_Task instructions:_
Give back all of the data exactly as written.

++++ Material for the task

(* Stated relative to a base value [x0] so that the size of the complement of
   the classes never has to be computed. *)
Lemma sum_piecewise_const (V : zmodType) (K T : finType) (A : T -> {set K})
    (c : T -> V) (x0 : V) (g : K -> V) :
  (forall t t', t != t' -> [disjoint A t & A t']) ->
  (forall t, {in A t, forall k, g k = c t}) ->
  (forall k, (forall t, k \notin A t) -> g k = x0) ->
  \sum_k g k = x0 *+ #|K| + \sum_t (c t - x0) *+ #|A t|.
Proof.
move=> A_disj g_in g_out.
have gE k : g k = x0 + \sum_t (if k \in A t then c t - x0 else 0).
  have [t0 kt0 | k_out] := pickP (fun t => k \in A t).
    rewrite (bigD1 t0) //= kt0 big1 => [|t t_ne]; first by rewrite addr0 (g_in t0) // addrC subrK.
    by rewrite (disjointFr (A_disj t0 t _) kt0) // eq_sym.
  by rewrite big1 ?addr0 => [|t _]; rewrite ?g_out ?k_out // => t; rewrite k_out.
rewrite (eq_bigr _ (fun k _ => gE k)) big_split sumr_const exchange_big /=.
by congr (_ + _); apply: eq_bigr => t _; rewrite -big_mkcond sumr_const.
Qed.

Lemma big_option (R : Type) (idx : R) (op : Monoid.law idx) (T : finType) (F : option T -> R) :
  \big[op/idx]_u F u = op (F None) (\big[op/idx]_t F (Some t)).
Proof. by rewrite ![index_enum _]unlock [@Finite.enum in LHS]unlock /= big_cons big_map. Qed.

Lemma prod_ord_if1 (R : comPzRingType) (n : nat) (l0 : 'I_n) (x y : R) :
  \prod_(l < n) (if l == l0 then x else y) = x * y ^+ n.-1.
Proof.
rewrite (bigD1 l0) //= eqxx (eq_bigr (fun _ => y)) => [|l /negbTE -> //].
by rewrite prodr_const cardC1 card_ord.
Qed.

Section SupportClasses.

Variables (R : comPzRingType) (N h m : nat) (L : finType).
Variables (Jset : {set 'I_N}) (Iset : L -> {set 'I_N}) (p : L) (q : 'I_h -> L) (r : 'I_m -> L).
Hypothesis Iset_Jset : forall s, [disjoint Iset s & Jset].
Hypothesis Iset_disj : forall s s', s != s' -> [disjoint Iset s & Iset s'].
Hypotheses (q_inj : injective q) (r_inj : injective r).
Hypotheses (qp : forall l, q l != p) (rp : forall l, r l != p) (qr : forall l l', q l != r l').
Variables (eps phi : R).

Definition detect (s : L) (k : 'I_N) : R := if k \in Iset s :|: Jset then 1 - eps else phi.

(* The probability of the conditioning event of the theorem given [i = k]. *)
Definition pattern_prob (k : 'I_N) : R :=
  (1 - detect p k) * \prod_(l < h) detect (q l) k * \prod_(l < m) (1 - detect (r l) k).

Local Notation cJ := ((1 - eps) ^+ h * eps ^+ m.+1).
Local Notation cp := (eps * phi ^+ h * (1 - phi) ^+ m).
Local Notation cq := ((1 - eps) * phi ^+ h.-1 * (1 - phi) ^+ m.+1).
Local Notation c0 := (phi ^+ h * (1 - phi) ^+ m.+1).

Lemma detect_J s k : k \in Jset -> detect s k = 1 - eps.
Proof. by move=> kJ; rewrite /detect in_setU kJ orbT. Qed.

Lemma detect_own s0 s k : k \in Iset s0 -> detect s k = if s == s0 then 1 - eps else phi.
Proof.
move=> ks0; rewrite /detect in_setU (disjointFr (Iset_Jset s0) ks0) orbF.
by have [-> | /Iset_disj/disjointFl->] := eqVneq s s0; rewrite ?ks0.
Qed.

Lemma detect_out s k : k \notin Iset s :|: Jset -> detect s k = phi.
Proof. by move/negbTE; rewrite /detect => ->. Qed.

Lemma pattern_prob_J k : k \in Jset -> pattern_prob k = cJ.
Proof.
move=> kJ; rewrite /pattern_prob detect_J //.
under eq_bigr do rewrite detect_J //.
under [in X in _ * X]eq_bigr do rewrite detect_J //.
by rewrite subKr !prodr_const !card_ord exprS; ring.
Qed.

Lemma pattern_prob_p k : k \in Iset p -> pattern_prob k = cp.
Proof.
move=> kp; rewrite /pattern_prob (detect_own _ kp) eqxx.
under eq_bigr do rewrite (detect_own _ kp) (negbTE (qp _)).
under [in X in _ * X]eq_bigr do rewrite (detect_own _ kp) (negbTE (rp _)).
by rewrite !prodr_const !card_ord; ring.
Qed.

Lemma pattern_prob_q l0 k : k \in Iset (q l0) -> pattern_prob k = cq.
Proof.
move=> kq; rewrite /pattern_prob (detect_own _ kq) eq_sym (negbTE (qp _)).
under eq_bigr do rewrite (detect_own _ kq) (inj_eq q_inj).
under [in X in _ * X]eq_bigr do rewrite (detect_own _ kq) eq_sym (negbTE (qr _ _)).
by rewrite prod_ord_if1 prodr_const card_ord exprS; ring.
Qed.

Lemma pattern_prob_r l0 k : k \in Iset (r l0) -> pattern_prob k = cp.
Proof.
move=> kr; rewrite /pattern_prob (detect_own _ kr) eq_sym (negbTE (rp _)).
under eq_bigr do rewrite (detect_own _ kr) (negbTE (qr _ _)).
under [in X in _ * X]eq_bigr do rewrite (detect_own _ kr) (inj_eq r_inj) (fun_if (fun x => 1 - x)).
rewrite prodr_const card_ord prod_ord_if1.
by rewrite subKr -{2}(prednK (leq_trans (ltn0Sn l0) (ltn_ord l0))) exprS; ring.
Qed.

Lemma pattern_prob_out k :
  k \notin Jset -> k \notin Iset p -> (forall l, k \notin Iset (q l)) ->
  (forall l, k \notin Iset (r l)) -> pattern_prob k = c0.
Proof.
move=> kJ kp kq kr; rewrite /pattern_prob detect_out ?in_setU ?negb_or ?kp //.
under eq_bigr do rewrite detect_out ?in_setU ?negb_or ?kq //.
under [in X in _ * X]eq_bigr do rewrite detect_out ?in_setU ?negb_or ?kr //.
by rewrite !prodr_const !card_ord exprS; ring.
Qed.

Definition sensor (u : option ('I_h + 'I_m)) : L :=
  match u with None => p | Some (inl l) => q l | Some (inr l) => r l end.

Lemma sensor_inj : injective sensor.
Proof.
case=> [[l|l]|] [[l'|l']|] //= E; rewrite ?(q_inj E) ?(r_inj E) //; exfalso.
all: move/eqP: E; rewrite ?(negbTE (qp _)) ?(negbTE (rp _)) ?(negbTE (qr _ _)) //.
all: by rewrite eq_sym ?(negbTE (qp _)) ?(negbTE (rp _)) ?(negbTE (qr _ _)).
Qed.

Definition support_class (t : option (option ('I_h + 'I_m))) : {set 'I_N} :=
  if t is Some u then Iset (sensor u) else Jset.

Definition class_value (t : option (option ('I_h + 'I_m))) : R :=
  match t with None => cJ | Some (Some (inl _)) => cq | Some _ => cp end.

Lemma support_class_disjoint t t' :
  t != t' -> [disjoint support_class t & support_class t'].
Proof.
case: t t' => [u|] [u'|] //= ne; rewrite 1?disjoint_sym ?Iset_Jset //.
by apply: Iset_disj; rewrite (inj_eq sensor_inj); apply: contra ne => /eqP->.
Qed.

++++++++

_Answer:_
(* Stated relative to a base value [x0] so that the size of the complement of
   the classes never has to be computed. *)
Lemma sum_piecewise_const (V : zmodType) (K T : finType) (A : T -> {set K})
    (c : T -> V) (x0 : V) (g : K -> V) :
  (forall t t', t != t' -> [disjoint A t & A t']) ->
  (forall t, {in A t, forall k, g k = c t}) ->
  (forall k, (forall t, k \notin A t) -> g k = x0) ->
  \sum_k g k = x0 *+ #|K| + \sum_t (c t - x0) *+ #|A t|.
Proof.
move=> A_disj g_in g_out.
have gE k : g k = x0 + \sum_t (if k \in A t then c t - x0 else 0).
  have [t0 kt0 | k_out] := pickP (fun t => k \in A t).
    rewrite (bigD1 t0) //= kt0 big1 => [|t t_ne]; first by rewrite addr0 (g_in t0) // addrC subrK.
    by rewrite (disjointFr (A_disj t0 t _) kt0) // eq_sym.
  by rewrite big1 ?addr0 => [|t _]; rewrite ?g_out ?k_out // => t; rewrite k_out.
rewrite (eq_bigr _ (fun k _ => gE k)) big_split sumr_const exchange_big /=.
by congr (_ + _); apply: eq_bigr => t _; rewrite -big_mkcond sumr_const.
Qed.

Lemma big_option (R : Type) (idx : R) (op : Monoid.law idx) (T : finType) (F : option T -> R) :
  \big[op/idx]_u F u = op (F None) (\big[op/idx]_t F (Some t)).
Proof. by rewrite ![index_enum _]unlock [@Finite.enum in LHS]unlock /= big_cons big_map. Qed.

Lemma prod_ord_if1 (R : comPzRingType) (n : nat) (l0 : 'I_n) (x y : R) :
  \prod_(l < n) (if l == l0 then x else y) = x * y ^+ n.-1.
Proof.
rewrite (bigD1 l0) //= eqxx (eq_bigr (fun _ => y)) => [|l /negbTE -> //].
by rewrite prodr_const cardC1 card_ord.
Qed.

Section SupportClasses.

Variables (R : comPzRingType) (N h m : nat) (L : finType).
Variables (Jset : {set 'I_N}) (Iset : L -> {set 'I_N}) (p : L) (q : 'I_h -> L) (r : 'I_m -> L).
Hypothesis Iset_Jset : forall s, [disjoint Iset s & Jset].
Hypothesis Iset_disj : forall s s', s != s' -> [disjoint Iset s & Iset s'].
Hypotheses (q_inj : injective q) (r_inj : injective r).
Hypotheses (qp : forall l, q l != p) (rp : forall l, r l != p) (qr : forall l l', q l != r l').
Variables (eps phi : R).

Definition detect (s : L) (k : 'I_N) : R := if k \in Iset s :|: Jset then 1 - eps else phi.

(* The probability of the conditioning event of the theorem given [i = k]. *)
Definition pattern_prob (k : 'I_N) : R :=
  (1 - detect p k) * \prod_(l < h) detect (q l) k * \prod_(l < m) (1 - detect (r l) k).

Local Notation cJ := ((1 - eps) ^+ h * eps ^+ m.+1).
Local Notation cp := (eps * phi ^+ h * (1 - phi) ^+ m).
Local Notation cq := ((1 - eps) * phi ^+ h.-1 * (1 - phi) ^+ m.+1).
Local Notation c0 := (phi ^+ h * (1 - phi) ^+ m.+1).

Lemma detect_J s k : k \in Jset -> detect s k = 1 - eps.
Proof. by move=> kJ; rewrite /detect in_setU kJ orbT. Qed.

Lemma detect_own s0 s k : k \in Iset s0 -> detect s k = if s == s0 then 1 - eps else phi.
Proof.
move=> ks0; rewrite /detect in_setU (disjointFr (Iset_Jset s0) ks0) orbF.
by have [-> | /Iset_disj/disjointFl->] := eqVneq s s0; rewrite ?ks0.
Qed.

Lemma detect_out s k : k \notin Iset s :|: Jset -> detect s k = phi.
Proof. by move/negbTE; rewrite /detect => ->. Qed.

Lemma pattern_prob_J k : k \in Jset -> pattern_prob k = cJ.
Proof.
move=> kJ; rewrite /pattern_prob detect_J //.
under eq_bigr do rewrite detect_J //.
under [in X in _ * X]eq_bigr do rewrite detect_J //.
by rewrite subKr !prodr_const !card_ord exprS; ring.
Qed.

Lemma pattern_prob_p k : k \in Iset p -> pattern_prob k = cp.
Proof.
move=> kp; rewrite /pattern_prob (detect_own _ kp) eqxx.
under eq_bigr do rewrite (detect_own _ kp) (negbTE (qp _)).
under [in X in _ * X]eq_bigr do rewrite (detect_own _ kp) (negbTE (rp _)).
by rewrite !prodr_const !card_ord; ring.
Qed.

Lemma pattern_prob_q l0 k : k \in Iset (q l0) -> pattern_prob k = cq.
Proof.
move=> kq; rewrite /pattern_prob (detect_own _ kq) eq_sym (negbTE (qp _)).
under eq_bigr do rewrite (detect_own _ kq) (inj_eq q_inj).
under [in X in _ * X]eq_bigr do rewrite (detect_own _ kq) eq_sym (negbTE (qr _ _)).
by rewrite prod_ord_if1 prodr_const card_ord exprS; ring.
Qed.

Lemma pattern_prob_r l0 k : k \in Iset (r l0) -> pattern_prob k = cp.
Proof.
move=> kr; rewrite /pattern_prob (detect_own _ kr) eq_sym (negbTE (rp _)).
under eq_bigr do rewrite (detect_own _ kr) (negbTE (qr _ _)).
under [in X in _ * X]eq_bigr do rewrite (detect_own _ kr) (inj_eq r_inj) (fun_if (fun x => 1 - x)).
rewrite prodr_const card_ord prod_ord_if1.
by rewrite subKr -{2}(prednK (leq_trans (ltn0Sn l0) (ltn_ord l0))) exprS; ring.
Qed.

Lemma pattern_prob_out k :
  k \notin Jset -> k \notin Iset p -> (forall l, k \notin Iset (q l)) ->
  (forall l, k \notin Iset (r l)) -> pattern_prob k = c0.
Proof.
move=> kJ kp kq kr; rewrite /pattern_prob detect_out ?in_setU ?negb_or ?kp //.
under eq_bigr do rewrite detect_out ?in_setU ?negb_or ?kq //.
under [in X in _ * X]eq_bigr do rewrite detect_out ?in_setU ?negb_or ?kr //.
by rewrite !prodr_const !card_ord exprS; ring.
Qed.

Definition sensor (u : option ('I_h + 'I_m)) : L :=
  match u with None => p | Some (inl l) => q l | Some (inr l) => r l end.

Lemma sensor_inj : injective sensor.
Proof.
case=> [[l|l]|] [[l'|l']|] //= E; rewrite ?(q_inj E) ?(r_inj E) //; exfalso.
all: move/eqP: E; rewrite ?(negbTE (qp _)) ?(negbTE (rp _)) ?(negbTE (qr _ _)) //.
all: by rewrite eq_sym ?(negbTE (qp _)) ?(negbTE (rp _)) ?(negbTE (qr _ _)).
Qed.

Definition support_class (t : option (option ('I_h + 'I_m))) : {set 'I_N} :=
  if t is Some u then Iset (sensor u) else Jset.

Definition class_value (t : option (option ('I_h + 'I_m))) : R :=
  match t with None => cJ | Some (Some (inl _)) => cq | Some _ => cp end.

Lemma support_class_disjoint t t' :
  t != t' -> [disjoint support_class t & support_class t'].
Proof.
case: t t' => [u|] [u'|] //= ne; rewrite 1?disjoint_sym ?Iset_Jset //.
by apply: Iset_disj; rewrite (inj_eq sensor_inj); apply: contra ne => /eqP->.
Qed.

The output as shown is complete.